Pixelle Studio is an open-source AI Agent workspace built for expert-level file processing. Simply describe your workflow in natural language to turn daily task SOPs into AI-executable Skills — no complex variable passing or coding knowledge required. Plug in external tools via MCP, and let the Agent reliably generate PDFs, PPTs, Excel files, and more — with three-layer failover for rock-solid stability and progressive loading to save tokens.

💡 Not just a chatbot — teach AI your workflow in plain language, zero-code your way to an expert file processing agent.

✨ Key Highlights

📄 Expert File Processing PDF, Excel, PPT, Word, Markdown, HTML — Generate, preview & download any format	🧠 Natural-Language SOP Skills Describe workflows in plain language, zero-code — Turn anyone into an Agent expert, no dev skills needed	🔌 One-Click Tool Integration Plug in search, maps, video & more via MCP — Extend your Agent's reach in seconds
🛡️ Rock-Solid Stability Three-layer failover + WebSocket heartbeat — Service never stops, long tasks never drop	⚡ Token-Smart Engine Progressive skill loading saves 90%+ tokens — Smart context compression, never overflow	🖥️ Secure Persistent Execution Built-in PTY terminal with smart security filtering — Multi-step code execution, variable persistence

🎯 Why Pixelle Studio?

Feature	Traditional AI Chat Tools	Pixelle Studio
Document Generation (PDF/PPT/Excel)	❌ Text-only output	✅ Generate files with live preview
Code Execution	❌ Or plugin-dependent	✅ Built-in persistent terminal, multi-step
Custom Skills	❌	✅ Natural language to define Skills, zero-code
External Tools (MCP)	❌ Closed ecosystem	✅ Open protocol, plug & play
Context Management	❌ Passive truncation	✅ Smart compression with rich history reconstruction
Multi-Model Failover	❌ Single model	✅ Three-layer failover + WebSocket heartbeat
Token Consumption	🔴 Full context loading	🟢 Progressive on-demand loading

🖼️ Use Cases

1️⃣ Road Trip Planning

💬 "I'd like to drive from Seattle Airport to Mount Rainier, could you please help me with my itinerary? I'm leaving tomorrow morning."

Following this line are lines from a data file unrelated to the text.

Lemma atleast_def_valid w rho :
  hsat interp2 w rho
    (FIff (FPred (PAtleast X V F) (vts (gv V) ++ [FVar (SG, y)]))
          (exs (gv X ++ [(SI, n)])
               (FAnd (start_atom P X V F X (FVar (SI, n)))
                     (cmp2 P PGe (FVar (SI, n)) (FVar (SG, y)))))).
Proof.
  apply hsat_iff; intros w' _.
  rewrite hsat_pred_vars_last, exs_app, hsat_exs_gv. simpl interp2.
  rewrite firstn_app_exact, last_last by (rewrite length_map, gv_length; auto).
  split.
  - intros [xs [k [Hl [Hs Hc]]]]. exists xs. split; auto. exists k. split.
    + apply hsat_start_at; auto.
    + apply hsat_cmp2_vars. fold (asg_at rho xs k). rewrite asg_at_y, asg_at_n. simpl; tauto.
  - intros [xs [Hl [k [Hs Hc]]]]. fold (asg_at rho xs k) in Hs, Hc.
    apply hsat_start_at in Hs; auto. apply hsat_cmp2_vars in Hc.
    rewrite asg_at_y, asg_at_n in Hc. exists xs, k. simpl in Hc; tauto.
Qed.

Lemma atmost_def_valid w rho :
  hsat interp2 w rho
    (FIff (FPred (PAtmost X V F) (vts (gv V) ++ [FVar (SG, y)]))
          (alls (gv X ++ [(SI, n)])
                (FImp (start_atom P X V F X (FVar (SI, n)))
                      (cmp2 P PLe (FVar (SI, n)) (FVar (SG, y)))))).
Proof.
  apply hsat_iff; intros w' _.
  rewrite hsat_pred_vars_last, alls_app, hsat_alls_gv. simpl interp2.
  rewrite firstn_app_exact, last_last by (rewrite length_map, gv_length; auto).
  split.
  - intros Hq xs Hl k w'' Ha Hs. fold (asg_at rho xs k) in Hs |- *.
    apply hsat_start_at in Hs; auto. apply hsat_cmp2_vars.
    rewrite asg_at_y, asg_at_n. apply (Hq w'' Ha xs); auto.
  - intros Hq w'' Ha xs k Hl Hs.
    specialize (Hq xs Hl k w'' Ha). fold (asg_at rho xs k) in Hq.
    rewrite hsat_start_at, hsat_cmp2_vars, asg_at_y, asg_at_n in Hq; auto.
    apply Hq; auto.
Qed.

End CountingAxioms.

Lemma D1_valid A : D1 P A -> forall w rho, int_sorted P rho -> hsat interp2 w rho A.
Proof.
  intros [X [V [F [y [n [[HXV _] [Hy Hor]]]]]]] w.
  destruct Hor as [-> | ->]; apply hsat_alls_valid; intros rho _.
  - apply atleast_def_valid; auto.
  - apply atmost_def_valid; auto.
Qed.
Theorem theorem13 (A : finType) (Psi : seq A -> seq A) :
  symmetry Psi <->
  ((morphism Psi \/ antimorphism Psi) /\ letter_perm Psi).
Proof.
split=> [PsiS | [[Psi_hom | Psi_anti] [f [bij_f Psi_letter]]]].
- pose f := sym_letter Psi.
  have Psi_letter a : Psi [:: a] = [:: f a] by apply: sym_letterE.
  have bij_f : bijective f by apply: injF_bij; apply: sym_letter_inj.
  split; last by exists f.
  case: (sym_pairs PsiS) => [keep|swap]; [left|right].
  + have := sym_eq_pairs PsiS (symmetry_map bij_f) Psi_letter keep.
    by move=> eq_map v w; rewrite !eq_map morphism_map.
  + have := sym_eq_pairs PsiS (symmetry_rev_map bij_f) Psi_letter swap.
    by move=> eq_rev v w; rewrite !eq_rev antimorphism_rev_map.
- exact: eq_symmetry (morphismE Psi_letter Psi_hom) (symmetry_map bij_f).
- exact: eq_symmetry (antimorphismE Psi_letter Psi_anti) (symmetry_rev_map bij_f).
Qed.
(* N_P: the integer-coefficient cubic form with 3 * N_P = N3form
   (see lemma N3formE below); explicit expansion, valid in every
   characteristic. *)
Definition Nform (s : elt R) : R :=
  let u1 := eu1 s in let u2 := eu2 s in let u3 := eu3 s in
  let x11 := xc s o1 j1 in let x21 := xc s o2 j1 in
  let x12 := xc s o1 j2 in let x22 := xc s o2 j2 in
  let x13 := xc s o1 j3 in let x23 := xc s o2 j3 in
  let p111 := p o1 o1 o1 in let p112 := p o1 o1 o2 in
  let p121 := p o1 o2 o1 in let p122 := p o1 o2 o2 in
  let p211 := p o2 o1 o1 in let p212 := p o2 o1 o2 in
  let p221 := p o2 o2 o1 in let p222 := p o2 o2 o2 in
    2%:R * x21 * x22 * x23 * p112 * p121 * p211
    - x21 * x22 * x23 * p111 * p122 * p211
    - x21 * x22 * x23 * p111 * p121 * p212
    - x21 * x22 * x23 * p111 * p112 * p221
    + x21 * x22 * x23 * p111 * p111 * p222
    - x21 * x22 * x13 * p112 * p122 * p211
    - x21 * x22 * x13 * p112 * p121 * p212
    + x21 * x22 * x13 * p112 * p112 * p221
    + 2%:R * x21 * x22 * x13 * p111 * p122 * p212
    - x21 * x22 * x13 * p111 * p112 * p222
    - x21 * x12 * x23 * p121 * p122 * p211
    + x21 * x12 * x23 * p121 * p121 * p212
    - x21 * x12 * x23 * p112 * p121 * p221
    + 2%:R * x21 * x12 * x23 * p111 * p122 * p221
    - x21 * x12 * x23 * p111 * p121 * p222
    + x21 * x12 * x13 * p122 * p122 * p211
    - x21 * x12 * x13 * p121 * p122 * p212
    - x21 * x12 * x13 * p112 * p122 * p221
    + 2%:R * x21 * x12 * x13 * p112 * p121 * p222
    - x21 * x12 * x13 * p111 * p122 * p222
    + x11 * x22 * x23 * p122 * p211 * p211
    - x11 * x22 * x23 * p121 * p211 * p212
    - x11 * x22 * x23 * p112 * p211 * p221
    + 2%:R * x11 * x22 * x23 * p111 * p212 * p221
    - x11 * x22 * x23 * p111 * p211 * p222
    - x11 * x22 * x13 * p122 * p211 * p212
    + x11 * x22 * x13 * p121 * p212 * p212
    - x11 * x22 * x13 * p112 * p212 * p221
    + 2%:R * x11 * x22 * x13 * p112 * p211 * p222
    - x11 * x22 * x13 * p111 * p212 * p222
    - x11 * x12 * x23 * p122 * p211 * p221
    - x11 * x12 * x23 * p121 * p212 * p221
    + 2%:R * x11 * x12 * x23 * p121 * p211 * p222
    + x11 * x12 * x23 * p112 * p221 * p221
    - x11 * x12 * x23 * p111 * p221 * p222
    + 2%:R * x11 * x12 * x13 * p122 * p212 * p221
    - x11 * x12 * x13 * p122 * p211 * p222
    - x11 * x12 * x13 * p121 * p212 * p222
    - x11 * x12 * x13 * p112 * p221 * p222
    + x11 * x12 * x13 * p111 * p222 * p222
    - u3 * x23 * x23 * p121 * p211
    + u3 * x23 * x23 * p111 * p221
    + u3 * x13 * x23 * p122 * p211
    + u3 * x13 * x23 * p121 * p212
    - u3 * x13 * x23 * p112 * p221
    - u3 * x13 * x23 * p111 * p222
    - u3 * x13 * x13 * p122 * p212
    + u3 * x13 * x13 * p112 * p222
    - u2 * x22 * x22 * p112 * p211
    + u2 * x22 * x22 * p111 * p212
    + u2 * x12 * x22 * p122 * p211
    - u2 * x12 * x22 * p121 * p212
    + u2 * x12 * x22 * p112 * p221
    - u2 * x12 * x22 * p111 * p222
    - u2 * x12 * x12 * p122 * p221
    + u2 * x12 * x12 * p121 * p222
    - u1 * x21 * x21 * p112 * p121
    + u1 * x21 * x21 * p111 * p122
    - u1 * x11 * x21 * p122 * p211
    + u1 * x11 * x21 * p121 * p212
    + u1 * x11 * x21 * p112 * p221
    - u1 * x11 * x21 * p111 * p222
    - u1 * x11 * x11 * p212 * p221
    + u1 * x11 * x11 * p211 * p222
    + u1 * u2 * u3.
(* Let $\tilde{\Phi}:\mathbb{R}_{++}^{n\times m}\to\mathbb{R}$ be smooth and strictly convex, and suppose its gradient map $S:\mathbb{R}_{++}^{n\times m}\to\mathbb{R}^{n\times m}$, $S^{ij}(A)=\partial\tilde{\Phi}/\partial A_{ij}(A)$, is surjective. Let $\Phi$ be the restriction of $\tilde{\Phi}$ to $\mathcal{P}_{nm-1}$. Then for each $p\in\mathcal{P}_{n-1}$, $q\in\mathcal{P}_{m-1}$, the problem of minimizing $\Phi(P)$ over $P\in\Pi(p,q)$ has a unique solution $P^*(p,q)\in\Pi(p,q)$ (in particular the infimum of $\Phi$ over $\Pi(p,q)$ is attained at a matrix with strictly positive entries, and $P^*(p,q)$ is also the unique minimizer over the closure $\overline{\Pi(p,q)}$ of the continuous extension of $\Phi$). Moreover, a maximizer $(\alpha^*,\beta^* )\in\mathbb{R}^n\times\mathbb{R}^m$ of the dual problem $\sup_{\alpha,\beta}\{\langle p,\alpha\rangle+\langle q,\beta\rangle-\tilde{\Phi}^*(\alpha\oplus\beta)\}$ exists, and any such maximizer satisfies \[ S^{ij}(P^*(p,q))=(\alpha^* )^i+(\beta^* )^j,\qquad 1\le i\le n,\ 1\le j\le m. \]
   Context: $\mathbb{R}_{++}^{n\times m}$ denotes the set of real $n\times m$ matrices with all entries strictly positive. $\mathcal{P}_{n-1}=\{p\in\mathbb{R}^n:\sum_i p_i=1,\ p_i>0\}$, similarly $\mathcal{P}_{m-1}$, and $\mathcal{P}_{nm-1}=\{P\in\mathbb{R}_{++}^{n\times m}:\sum_{i,j}P_{ij}=1\}$. $\Pi(p,q)=\{P\in\mathcal{P}_{nm-1}:\sum_j P_{ij}=p_i\ \forall i,\ \sum_i P_{ij}=q_j\ \forall j\}$, and $\overline{\Pi(p,q)}$ is its closure in $\mathbb{R}^{n\times m}$. The Legendre transform is $\tilde{\Phi}^*(u)=\sup_{A\in\mathbb{R}_{++}^{n\times m}}\{\langle A,u\rangle-\tilde{\Phi}(A)\}$ with $\langle A,u\rangle=\sum_{i,j}A_{ij}u^{ij}$, and $(\alpha\oplus\beta)^{ij}=\alpha^i+\beta^j$. *)

From HB Require Import structures.
From mathcomp Require Import all_boot all_order all_algebra.
From mathcomp Require Import all_classical all_reals all_analysis.
Set Implicit Arguments. Unset Strict Implicit. Unset Printing Implicit Defensive.
Import Order.TTheory GRing.Theory Num.Theory.
Import numFieldNormedType.Exports.
Local Open Scope classical_set_scope.
Local Open Scope ring_scope.

Section Defs.
Variables (R : realType) (n m : nat).
Notation M := 'M[R]_(n, m).

Definition pos_mx : set M := [set A | forall i j, 0 < A i j].

Definition simplex_pos (k : nat) : set ('I_k -> R) :=
  [set p | (forall i, 0 < p i) /\ \sum_(i < k) p i = 1].

Definition simplex_mx : set M :=
  [set P | P \in pos_mx /\ \sum_(i < n) \sum_(j < m) P i j = 1].

Definition Pi (p : 'I_n -> R) (q : 'I_m -> R) : set M :=
  [set P | P \in simplex_mx /\ (forall i, \sum_(j < m) P i j = p i)
                         /\ (forall j, \sum_(i < n) P i j = q j)].

Definition mx_inner (A u : M) : R := \sum_(i < n) \sum_(j < m) A i j * u i j.

Definition unit_dir (ij : 'I_n * 'I_m) : M := delta_mx ij.1 ij.2.

Definition iter_partial (l : seq ('I_n * 'I_m)) (f : M -> R) : M -> R :=
  foldr (fun ij g => fun A => 'D_(unit_dir ij) g A) f l.

Definition smooth_on (D : set M) (f : M -> R) : Prop :=
  forall l : seq ('I_n * 'I_m),
    (forall A, A \in D -> {for A, continuous (iter_partial l f)}) /\
    (forall ij A, A \in D -> derivable (iter_partial l f) A (unit_dir ij)).

Definition strictly_convex_on (D : set M) (f : M -> R) : Prop :=
  forall A B (t : R), A \in D -> B \in D -> A != B -> 0 < t < 1 ->
    f (t *: A + (1 - t) *: B) < t * f A + (1 - t) * f B.

Definition grad (f : M -> R) (A : M) : M :=
  \matrix_(i, j) 'D_(unit_dir (i, j)) f A.

Definition legendre (f : M -> R) (u : M) : \bar R :=
  ereal_sup [set ((mx_inner A u - f A)%:E) | A in pos_mx].

Definition oplus (a : 'I_n -> R) (b : 'I_m -> R) : M := \matrix_(i, j) (a i + b j).

Definition dual_obj (f : M -> R) (p : 'I_n -> R) (q : 'I_m -> R)
  (a : 'I_n -> R) (b : 'I_m -> R) : \bar R :=
  ((\sum_(i < n) p i * a i + \sum_(j < m) q j * b j)%:E
     - legendre f (oplus a b))%E.

Definition is_dual_max (f : M -> R) p q a b : Prop :=
  forall a' b', (dual_obj f p q a' b' <= dual_obj f p q a b)%E.

Definition unique_minimizer (D : set M) (g : M -> R) (P : M) : Prop :=
  P \in D /\ (forall Q, Q \in D -> g P <= g Q) /\
  (forall Q, Q \in D -> (forall Q', Q' \in D -> g Q <= g Q') -> Q = P).

End Defs.

(* The argument is convex duality:
   - the gradient inequality, derived from partial derivatives and convexity
     alone, and its strict form show that grad Phi has an inverse grad_inv:
     grad_inv u is the unique minimiser of Phi - <., u> on the cone, so the
     Legendre transform Phi^*(u) is attained there; a growth estimate makes
     grad_inv continuous;
   - as a function of u = alpha (+) beta, the dual objective is
     dual_fun u = <P0, u> - Phi^*(u) with P0 = p q^T; it is continuous and
     coercive, so it has a maximiser us on the closed space of matrices of
     the form alpha (+) beta, and the first-order condition there says that
     P = grad_inv us has marginals p and q;
   - since grad Phi P = us pairs equally with all couplings, P is the strict
     minimiser on Pi(p, q) (and, by a limiting argument, on its closure);
     weak duality shows us is dual optimal, and complementary slackness
     gives grad Phi P = alpha + beta for every dual maximiser. *)

From HB Require Import structures.
From mathcomp Require Import all_boot all_order all_algebra.
From mathcomp Require Import all_classical all_reals all_analysis.
From mathcomp Require Import ring lra.
Import Order.TTheory GRing.Theory Num.Theory.
Import numFieldNormedType.Exports.
Local Open Scope classical_set_scope.
Local Open Scope ring_scope.
Set Implicit Arguments.
Unset Strict Implicit.

Section MatrixInner.
Variables (R : realType) (n m : nat).
Implicit Types (A B X u v : 'M[R]_(n, m)) (a : R).

Lemma mx_innerDl A B u : mx_inner (A + B) u = mx_inner A u + mx_inner B u.
Proof.
rewrite /mx_inner -big_split; apply: eq_bigr => i _.
by rewrite -big_split; apply: eq_bigr => j _; rewrite mxE mulrDl.
Qed.

Lemma mx_innerZl a A u : mx_inner (a *: A) u = a * mx_inner A u.
Proof.
rewrite /mx_inner mulr_sumr; apply: eq_bigr => i _.
by rewrite mulr_sumr; apply: eq_bigr => j _; rewrite mxE mulrA.
Qed.

Lemma mx_innerDr A u v : mx_inner A (u + v) = mx_inner A u + mx_inner A v.
Proof.
rewrite /mx_inner -big_split; apply: eq_bigr => i _.
by rewrite -big_split; apply: eq_bigr => j _; rewrite mxE mulrDr.
Qed.

Lemma mx_innerZr a A u : mx_inner A (a *: u) = a * mx_inner A u.
Proof.
rewrite /mx_inner mulr_sumr; apply: eq_bigr => i _.
by rewrite mulr_sumr; apply: eq_bigr => j _; rewrite mxE mulrCA.
Qed.

Lemma mx_inner0l u : mx_inner 0 u = 0.
Proof. by have := mx_innerZl 0 0 u; rewrite scale0r mul0r. Qed.

Lemma mx_innerNl A u : mx_inner (- A) u = - mx_inner A u.
Proof. by rewrite -scaleN1r mx_innerZl mulN1r. Qed.

Lemma mx_innerBl A B u : mx_inner (A - B) u = mx_inner A u - mx_inner B u.
Proof. by rewrite mx_innerDl mx_innerNl. Qed.

Lemma mx_innerNr A u : mx_inner A (- u) = - mx_inner A u.
Proof. by rewrite -scaleN1r mx_innerZr mulN1r. Qed.

Lemma mx_innerBr A u v : mx_inner A (u - v) = mx_inner A u - mx_inner A v.
Proof. by rewrite mx_innerDr mx_innerNr. Qed.

Lemma mx_inner_deltal i j u : mx_inner (delta_mx i j) u = u i j.
Proof.
rewrite /mx_inner (bigD1 i) //= (bigD1 j) //= !mxE !eqxx mul1r.
rewrite big1 ?addr0 => [|k kj]; last by rewrite mxE eqxx (negbTE kj) mul0r.
rewrite big1 ?addr0 // => k ki; apply: big1 => l _.
by rewrite mxE (negbTE ki) mul0r.
Qed.

Lemma mx_inner_deltar i j A : mx_inner A (delta_mx i j) = A i j.
Proof.
rewrite /mx_inner (bigD1 i) //= (bigD1 j) //= !mxE !eqxx mulr1.
rewrite big1 ?addr0 => [|k kj]; last by rewrite mxE eqxx (negbTE kj) mulr0.
rewrite big1 ?addr0 // => k ki; apply: big1 => l _.
by rewrite mxE (negbTE ki) mulr0.
Qed.

Lemma mx_inner_oplus A alpha beta : mx_inner A (oplus alpha beta) =
  \sum_(i < n) (\sum_(j < m) A i j) * alpha i +
  \sum_(j < m) (\sum_(i < n) A i j) * beta j.
Proof.
rewrite /mx_inner.
have rowE i : \sum_(j < m) A i j * oplus alpha beta i j =
    (\sum_(j < m) A i j) * alpha i + \sum_(j < m) A i j * beta j.
  by rewrite mulr_suml -big_split; apply: eq_bigr => j _; rewrite mxE mulrDr.
rewrite (eq_bigr _ (fun i _ => rowE i)) big_split /=; congr (_ + _).
by rewrite exchange_big; apply: eq_bigr => j _; rewrite mulr_suml.
Qed.

Lemma mx_inner_marginals A B alpha beta :
  (forall i, \sum_(j < m) A i j = \sum_(j < m) B i j) ->
  (forall j, \sum_(i < n) A i j = \sum_(i < n) B i j) ->
  mx_inner A (oplus alpha beta) = mx_inner B (oplus alpha beta).
Proof.
move=> Hrow Hcol; rewrite !mx_inner_oplus; congr (_ + _); apply: eq_bigr => k _.
  by rewrite Hrow.
by rewrite Hcol.
Qed.

Definition row_sel (i : 'I_n) : 'M[R]_(n, m) :=
  oplus (fun k => (k == i)%:R) (fun _ => 0).
Definition col_sel (j : 'I_m) : 'M[R]_(n, m) :=
  oplus (fun _ => 0) (fun k => (k == j)%:R).

Lemma mx_inner_row_sel A i : mx_inner A (row_sel i) = \sum_(j < m) A i j.
Proof.
rewrite mx_inner_oplus [X in _ + X]big1 ?addr0 => [|k _]; last by rewrite mulr0.
rewrite (bigD1 i) //= eqxx mulr1 [X in _ + X]big1 ?addr0 // => k ki.
by rewrite (negbTE ki) mulr0.
Qed.

Lemma mx_inner_col_sel A j : mx_inner A (col_sel j) = \sum_(i < n) A i j.
Proof.
rewrite mx_inner_oplus big1 ?add0r => [|k _]; last by rewrite mulr0.
rewrite (bigD1 j) //= eqxx mulr1 [X in _ + X]big1 ?addr0 // => k kj.
by rewrite (negbTE kj) mulr0.
Qed.

Lemma mx_entry_le X i j : `|X i j| <= `|X|.
Proof.
have -> : `|X| = mx_norm X by []; rewrite mx_normrE.
exact: (le_bigmax _ (fun ij : 'I_n * 'I_m => `|X ij.1 ij.2|) (i, j)).
Qed.

Lemma mx_norm_le X c : 0 <= c -> (forall i j, `|X i j| <= c) -> `|X| <= c.
Proof.
move=> c0 H; have -> : `|X| = mx_norm X by []; rewrite mx_normrE.
by apply/bigmax_leP; split => // -[i j] _; apply: H.
Qed.

Lemma delta_mx_norm i j : `|delta_mx i j : 'M[R]_(n, m)| <= 1.
Proof.
apply: mx_norm_le => // k l; rewrite mxE.
by case: (_ && _); rewrite ?normr1 ?normr0.
Qed.

Lemma mx_inner_bound A u : `|mx_inner A u| <= (n * m)%:R * (`|A| * `|u|).
Proof.
rewrite /mx_inner; apply: (le_trans (ler_norm_sum _ _ _)).
have -> : (n * m)%:R * (`|A| * `|u|) =
   \sum_(i < n) \sum_(j < m) (`|A| * `|u|).
  by rewrite sumr_const card_ord sumr_const card_ord -mulrnA mulr_natl mulnC.
apply: ler_sum => i _; apply: (le_trans (ler_norm_sum _ _ _)).
apply: ler_sum => j _; rewrite normrM.
by apply: ler_pM => //; apply: mx_entry_le.
Qed.

End MatrixInner.

Section MatrixTopology.
Variables (R : realType) (n m : nat).
Local Notation M := 'M[R]_(n, m).

Lemma vec_mx_continuous : continuous (@vec_mx R n m).
Proof.
move=> v; apply/(@cvgrPdist_lt _ _ _ _ (@nbhs_filter _ v)) => e e0.
apply/(@nbhs_normP _ 'rV[R]_(n * m)); exists e => //= w.
rewrite /ball_ /= => Hw; rewrite -linearB /=; apply: le_lt_trans Hw.
by apply: mx_norm_le => // i j; rewrite mxE; exact: mx_entry_le.
Qed.

(* Heine-Borel for matrices, transported from row vectors through vec_mx. *)
Lemma bounded_closed_compact_mx (S : set M) (c : R) :
  (forall X, S X -> `|X| <= c) -> closed S -> compact S.
Proof.
move=> Sb Sc.
have -> : S = (@vec_mx R n m) @` ((@vec_mx R n m) @^-1` S).
  apply/seteqP; split => [X SX|_ [v Sv <-] //].
  by exists (mxvec X); rewrite /= mxvecK.
have mxvec_norm (X : M) : `|mxvec X| <= `|X|.
  apply: mx_norm_le => // i k; rewrite ord1.
  by case/mxvec_indexP: k => a b; rewrite mxvecE; exact: mx_entry_le.
apply: continuous_compact.
  by apply: continuous_subspaceT => x; apply: vec_mx_continuous.
apply: bounded_closed_compact.
  apply: filterS (nbhs_pinfty_ge (num_real c)) => N cN v Sv.
  rewrite /= -[v]vec_mxK; apply: le_trans (mxvec_norm _) _.
  exact: le_trans (Sb _ Sv) cN.
by apply: preimage_closed => // x _; apply: vec_mx_continuous.
Qed.

Lemma mx_inner_cvg (T : Type) (F : set_system T) {FF : Filter F}
   (f g : T -> M) (A u : M) :
  f @ F --> A -> g @ F --> u -> (fun x => mx_inner (f x) (g x)) @ F --> mx_inner A u.
Proof.
move=> Hf Hg; rewrite /mx_inner.
apply: cvg_big => // [|i _]; first exact: add_continuous.
apply: cvg_big => // [|j _]; first exact: add_continuous.
apply: cvgM.
  exact: (cvg_comp _ _ Hf (@coord_continuous _ _ _ i j A)).
exact: (cvg_comp _ _ Hg (@coord_continuous _ _ _ i j u)).
Qed.

Lemma mx_inner_continuous (u : M) : continuous (fun X : M => mx_inner X u).
Proof.
by move=> X; exact: (@mx_inner_cvg _ (nbhs X) _ id (cst u) X u cvg_id (cvg_cst u)).
Qed.

Lemma dist_continuous (A : M) : continuous (fun X : M => `|X - A|).
Proof.
move=> X; apply/(@cvgrPdist_lt _ _ _ _ (@nbhs_filter _ X)) => e e0.
apply/(@nbhs_normP _ M); exists e => // Y; rewrite /ball_ /= => HY.
apply: le_lt_trans HY; apply: le_trans (ler_dist_dist _ _) _.
by rewrite opprB addrA subrK.
Qed.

Agent loads map skills → calls map API → plans the route → generates itinerary document with live preview

Fully bilingual — the same natural language experience works seamlessly in Chinese too 👇

2️⃣ Deep Research + PPT Generation

💬 "Design a professional PPT presentation about "2025 AI Technology Trends" with a cover page, table of contents, 3 content slides with charts, and a summary page. Use modern, clean design with professional color scheme."

Agent combines multiple Skills → web search → content scraping → structured analysis → auto-generates PPT

3️⃣ Excel Data Analysis & Report Generation

💬 "I have a yearly sales dataset. Summarize revenue by product line per quarter, calculate YoY growth rates, highlight anomalies in red, and generate a financial analysis report."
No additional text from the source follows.